**The data:**
--- START ---
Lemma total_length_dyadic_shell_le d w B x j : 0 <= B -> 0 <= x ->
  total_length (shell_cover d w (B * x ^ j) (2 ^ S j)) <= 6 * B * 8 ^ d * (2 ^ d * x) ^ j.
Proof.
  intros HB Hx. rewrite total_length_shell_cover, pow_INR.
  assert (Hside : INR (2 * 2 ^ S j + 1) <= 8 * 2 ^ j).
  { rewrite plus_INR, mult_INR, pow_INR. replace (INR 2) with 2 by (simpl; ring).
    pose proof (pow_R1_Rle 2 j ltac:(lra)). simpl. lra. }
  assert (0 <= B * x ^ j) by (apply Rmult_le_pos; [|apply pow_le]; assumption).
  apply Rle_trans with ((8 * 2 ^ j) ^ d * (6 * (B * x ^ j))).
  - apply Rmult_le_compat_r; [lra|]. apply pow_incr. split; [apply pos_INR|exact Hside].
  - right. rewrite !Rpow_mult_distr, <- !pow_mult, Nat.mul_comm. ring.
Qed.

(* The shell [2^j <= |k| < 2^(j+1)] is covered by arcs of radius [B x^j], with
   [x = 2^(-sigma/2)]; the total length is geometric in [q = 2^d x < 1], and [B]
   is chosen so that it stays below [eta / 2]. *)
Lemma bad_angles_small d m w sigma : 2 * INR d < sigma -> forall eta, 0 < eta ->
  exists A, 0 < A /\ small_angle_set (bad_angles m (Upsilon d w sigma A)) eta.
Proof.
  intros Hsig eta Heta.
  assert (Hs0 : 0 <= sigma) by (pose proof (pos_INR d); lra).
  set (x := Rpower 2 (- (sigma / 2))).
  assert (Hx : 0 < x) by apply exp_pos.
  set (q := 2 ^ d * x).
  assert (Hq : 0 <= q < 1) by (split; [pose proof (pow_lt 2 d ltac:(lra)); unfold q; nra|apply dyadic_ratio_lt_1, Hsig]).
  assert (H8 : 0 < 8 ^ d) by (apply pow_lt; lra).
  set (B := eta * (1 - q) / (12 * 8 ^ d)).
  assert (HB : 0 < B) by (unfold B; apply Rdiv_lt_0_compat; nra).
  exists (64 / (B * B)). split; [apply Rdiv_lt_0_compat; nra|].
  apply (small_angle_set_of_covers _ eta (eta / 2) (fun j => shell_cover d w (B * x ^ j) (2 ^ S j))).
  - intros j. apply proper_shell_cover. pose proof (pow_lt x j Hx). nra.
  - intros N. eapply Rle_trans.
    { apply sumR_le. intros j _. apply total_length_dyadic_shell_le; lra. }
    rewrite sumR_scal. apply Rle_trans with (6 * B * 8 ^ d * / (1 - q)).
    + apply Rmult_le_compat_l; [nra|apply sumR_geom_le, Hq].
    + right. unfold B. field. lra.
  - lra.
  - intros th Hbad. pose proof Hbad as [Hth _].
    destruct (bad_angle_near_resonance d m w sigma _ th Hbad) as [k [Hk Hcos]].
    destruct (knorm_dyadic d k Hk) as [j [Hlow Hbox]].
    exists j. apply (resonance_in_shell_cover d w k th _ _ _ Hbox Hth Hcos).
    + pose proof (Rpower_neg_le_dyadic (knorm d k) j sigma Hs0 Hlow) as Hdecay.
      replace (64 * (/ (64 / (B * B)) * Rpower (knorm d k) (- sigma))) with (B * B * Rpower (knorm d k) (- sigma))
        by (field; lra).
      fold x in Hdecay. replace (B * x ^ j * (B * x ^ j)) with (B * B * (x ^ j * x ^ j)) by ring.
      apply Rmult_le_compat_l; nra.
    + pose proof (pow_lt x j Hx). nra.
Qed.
--- END ---
**Work task:** Exactly how many lines in the listing above contain the word "split"? Only the number should be given.

**Solution for this problem:** 3